A strange wanted post title,I know.

I am looking for a large watch,44mm plus,quartz or mechanical.If it has a date window,it must be big.I am getting old and for the life of me cannot see the point of having a nice clear dial with a small date.

Nothing funky or something that would look right on a 15 year old hipster,hahaha.No vintage,Rather not go G-Shock.

Value up to £500.

I am a really nice person to deal with,haha.

Most of you will not know me.I have been around the forum,since its birth,many moons ago.I don't post anymore,but still hang around quite a lot.


----------



## Davey P (Sep 9, 2010)

The only watch in my collection with a decent sized and easily readable date is this one:










The watch itself is pretty big, and the date numbers are split and rotate independently, so obviously after the 31st it will also show numbers 32 - 39 (some reviewers on t'internet said they sent it back because of this "fault" - They obviously didn't quite grasp the way it works... :laugh: ). The date is changed by pulling out the crown to it's first position, then turning it anti clockwise to change one side and clockwise to change the other.
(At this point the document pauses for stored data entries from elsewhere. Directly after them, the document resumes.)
(* D_i D_j a expanded into partial derivatives, in a form that is symmetric
   in (i, j) term by term once the partial derivatives commute. *)
Lemma totD_totD_expand i j a :
  let k := (ord a).+1 in
  D i (D j a) =
  dx i (dx j a) + msum k (fun K => u (madd K (munit j)) * dx i (du K a)) +
  (msum k (fun M => u (madd M (munit i)) * dx j (du M a)) +
   msum k (fun M => u (madd M (munit i)) *
                    msum k (fun K => u (madd K (munit j)) * du K (du M a))) +
   msum k (fun K => u (madd (madd K (munit j)) (munit i)) * du K a)).
Proof.
move=> k; have am := @order_le_ord a; have le_ak : (ord a <= k)%N by [].
have dx_Dj : dx i (D j a) =
    dx i (dx j a) + msum k (fun K => u (madd K (munit j)) * dx i (du K a)).
  rewrite (totD_box j am le_ak) ja_dxD (msum_morph (dx_additive i)); congr (_ + _).
  by apply: msum_ext => K; rewrite ja_dxM ja_dx_u mul0r add0r.
have du_Dj M : du M (D j a) = dx j (du M a) +
     msum k (fun K => u (madd K (munit j)) * du K (du M a)) +
     (if (0 < M j)%N then du (msub M j) a else 0).
  by rewrite du_totD (totD_box j (order_le_du M am) le_ak).
have shift_j : msum k (fun M => u (madd M (munit i)) *
                  (if (0 < M j)%N then du (msub M j) a else 0)) =
               msum k (fun K => u (madd (madd K (munit j)) (munit i)) * du K a).
  rewrite (msum_ext (fun M => if (0 < M j)%N then
        u (madd M (munit i)) * du (msub M j) a else 0)); last first.
    by move=> M; case: ifP; rewrite ?mulr0.
  rewrite -msum_shift; first by apply: msum_ext => K; rewrite msub_madd.
  by move=> M Mj; rewrite am ?mulr0 // mord_msub_gt.
rewrite (totD_box i (order_le_totD j am) (leqnn k)) dx_Dj -shift_j -!msumD.
by congr (_ + _); apply: msum_ext => M; rewrite du_Dj !mulrDr.
Qed.

Lemma totD_comm i j a : D i (D j a) = D j (D i a).
Proof.
rewrite !totD_totD_expand ja_dxdx; set k := (ord a).+1.
have double_sum : msum k (fun M => u (madd M (munit i)) *
                    msum k (fun K => u (madd K (munit j)) * du K (du M a))) =
                  msum k (fun M => u (madd M (munit j)) *
                    msum k (fun K => u (madd K (munit i)) * du K (du M a))).
  rewrite /msum; under eq_bigr do rewrite mulr_sumr.
  rewrite exchange_big /=; apply: eq_bigr => B _; rewrite mulr_sumr.
  by apply: eq_bigr => B' _; rewrite ja_dudu; ring.
have second_order : msum k (fun K => u (madd (madd K (munit j)) (munit i)) * du K a) =
                    msum k (fun K => u (madd (madd K (munit i)) (munit j)) * du K a).
  by apply: msum_ext => K; rewrite -!maddA (maddC (munit j)).
rewrite double_sum second_order; ring.
Qed.

Lemma totDm_morph (phi : A -> A) : (forall i x, phi (D i x) = D i (phi x)) ->
  forall K x, phi (Dm K x) = Dm K (phi x).
Proof.
move=> phiD K x; rewrite /totDm; elim: (enum 'I_n) => //= j s ih.
by elim: (K j) => //= m ihm; rewrite phiD ihm.
Qed.

Lemma totDm_additive K : additive_map (Dm K).
Proof.
move=> x y; rewrite /totDm; elim: (enum 'I_n) => //= j s ih.
by elim: (K j) => //= m ihm; rewrite ihm totD_additive.
Qed.

Lemma totDm0 K : Dm K 0 = 0. Proof. exact: additive0 (totDm_additive K). Qed.

Lemma totDmN K a : Dm K (- a) = - Dm K a.
Proof. exact: (@additiveN _ _ (Dm K) (totDm_additive K) a). Qed.

Lemma totDm_zero a : Dm (mzero n) a = a.
Proof. by rewrite /totDm; elim: (enum 'I_n) => //= j s ih; rewrite ffunE. Qed.

Lemma totDm_totD K i a : Dm K (D i a) = D i (Dm K a).
Proof. by symmetry; apply: totDm_morph => j x; apply: totD_comm. Qed.

Lemma totDm_add_unit K i a : Dm (madd K (munit i)) a = D i (Dm K a).
Proof.
have iter_comm j m x : iter m (D j) (D i x) = D i (iter m (D j) x).
  by elim: m => //= m ->; rewrite totD_comm.
rewrite /totDm; have : forall s : seq 'I_n, uniq s ->
  foldr (fun j b => iter (madd K (munit i) j) (D j) b) a s =
  if i \in s then D i (foldr (fun j b => iter (K j) (D j) b) a s)
  else foldr (fun j b => iter (K j) (D j) b) a s.
  elim=> [|j s ih] //= /andP [js s_uniq]; rewrite in_cons ih // ffunE.
  case: (i =P j) => [->|/eqP ij] /=; first by rewrite (negbTE js) ffunE eqxx addn1.
  by rewrite ffunE (negbTE ij) addn0; case: ifP => // _; apply: iter_comm.
by move=> /(_ (enum 'I_n) (enum_uniq _)); rewrite mem_enum.
Qed.

Lemma totDm_unit i a : Dm (munit i) a = D i a.
Proof. by rewrite -{1}(madd0 (munit i)) totDm_add_unit totDm_zero. Qed.

Lemma order_le_totDm m K a : order_le m a -> order_le (m + mord K) (Dm K a).
Proof.
move=> am; have : forall d K, mord K = d -> order_le (m + d) (Dm K a).
  elim=> [|d ih] K' K'd; first by rewrite (mord_eq0 K'd) totDm_zero addn0.
  have [i K'i] := pos_entry K'd.
  rewrite -(madd_msub K'i) totDm_add_unit addnS; apply: order_le_totD; apply: ih.
  by rewrite mord_msub // K'd.
by move=> /(_ _ K erefl).
Qed.

Lemma signr_madd_unit K i :
  (-1) ^+ mord (madd K (munit i)) = - (-1) ^+ mord K :> A.
Proof. by rewrite mordD mord_unit addn1 exprS mulN1r. Qed.

Lemma euler_box m k a : order_le m a -> (m <= k)%N ->
  euler a = msum k (fun K => (-1) ^+ mord K * Dm K (du K a)).
Proof.
move=> am le_mk; apply: (@msum_truncate_min _ _ m (ord a) k) => // K ltK.
  by rewrite am // totDm0 mulr0.
by rewrite ja_ordP // totDm0 mulr0.
Qed.

Lemma euler_additive : additive_map (@euler _ V).
Proof.
move=> x y; set m := maxn (ord x) (ord y).
have xm := @order_le_maxl x y; have ym := @order_le_maxr x y.
rewrite (euler_box (order_le_add xm ym) (leqnn m)) (euler_box xm (leqnn m)).
rewrite (euler_box ym (leqnn m)) -msumD; apply: msum_ext => K.
by rewrite ja_duD totDm_additive mulrDr.
Qed.

Lemma eulerN x : euler (- x) = - euler x.
Proof. exact: (@additiveN _ _ (@euler _ V) euler_additive x). Qed.

Lemma euler_totD i c : euler (D i c) = 0.
Proof.
have cm := @order_le_ord c; set m := ord c; set k := m.+1.
rewrite (euler_box (order_le_totD i cm) (leqnn k)).
pose G M := (-1) ^+ mord M * Dm M (du (msub M i) c).
rewrite (msum_ext (fun K => - G (madd K (munit i)) + (if (0 < K i)%N then G K else 0)));
  last first.
  move=> K; rewrite du_totD totDm_additive mulrDr /G signr_madd_unit msub_madd.
  rewrite totDm_add_unit -totDm_totD.
  by case: ifP => _; rewrite ?totDm0 ?mulr0 ?addr0 // mulNr opprK.
rewrite msumD -msum_shift ?msumN ?addNr // => M Mi.
by rewrite /G cm ?totDm0 ?mulr0 // mord_msub_gt.
Qed.

Lemma euler_by_parts J a b :
  euler (a * Dm J b) = euler ((-1) ^+ mord J * (b * Dm J a)).
Proof.
have : forall d J a b, mord J = d ->
    euler (a * Dm J b) = euler ((-1) ^+ d * (b * Dm J a)).
  elim=> [|d ih] J' a' b' J'd.
    by rewrite (mord_eq0 J'd) !totDm_zero expr0 mul1r mulrC.
  have [i J'i] := pos_entry J'd.
  have J'd' : mord (msub J' i) = d by rewrite mord_msub // J'd.
  rewrite -(madd_msub J'i) !totDm_add_unit.
  have -> : a' * D i (Dm (msub J' i) b') =
            D i (a' * Dm (msub J' i) b') - D i a' * Dm (msub J' i) b'.
    by rewrite totD_mul; ring.
  rewrite euler_additive eulerN euler_totD add0r (ih _ _ _ J'd') -totDm_totD -eulerN.
  by rewrite exprS mulN1r mulNr.
by move=> /(_ _ J a b erefl).
Qed.

Lemma frechet_additive Q : additive_map (fun x => frechet x Q).
Proof.
move=> x y; set m := maxn (ord x) (ord y).
have xm := @order_le_maxl x y; have ym := @order_le_maxr x y.
rewrite (frechet_box Q (order_le_add xm ym) (leqnn m)) (frechet_box Q xm (leqnn m)).
rewrite (frechet_box Q ym (leqnn m)) -msumD; apply: msum_ext => K.
by rewrite ja_duD mulrDl.
Qed.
This one's not for sale, because I really like it, but there are usually a few used examples on ebay at reasonable prices. I think I paid about £50-ish for this one, and about the same for a brown one which has since gone off to pastures new :biggrin:

Here's a wrist shot to give you an idea of size:










And a pic to show the brown one:










:thumbsup:


----------



## jsud2002 (Nov 7, 2015)

I knew this thread was waiting for you @Davey P you are the big watch man :thumbsup:


----------



## Davey P (Sep 9, 2010)

jsud2002 said:


> I knew this thread was waiting for you @Davey P you are the big watch man :thumbsup:


 Strangely, the dates are still tiny on most of them though :yes:


----------



## NickD (Sep 6, 2007)

This would be my recommendation - Avigation Big Date, the date fits the bill but the overall size is probably too small. This is probably fifteen years old now and the more recent Longines watches have ballooned in size, so maybe you could find something there?


----------



## Iceblue (Sep 4, 2013)

A oris tt1 may fit the criteria I don't have one for sale but I have had a few and they are great value for the money

this is a shot of the dial I owned this one a few years back 44mm with a plain straight forward easy to the eye look


----------



## Roy (Feb 23, 2003)

Alex., I've got some talking watches :whistling:


----------



## AlexR (May 11, 2003)

My eyes aint that bad Roy.

What do these talking watches say? :laugh:


----------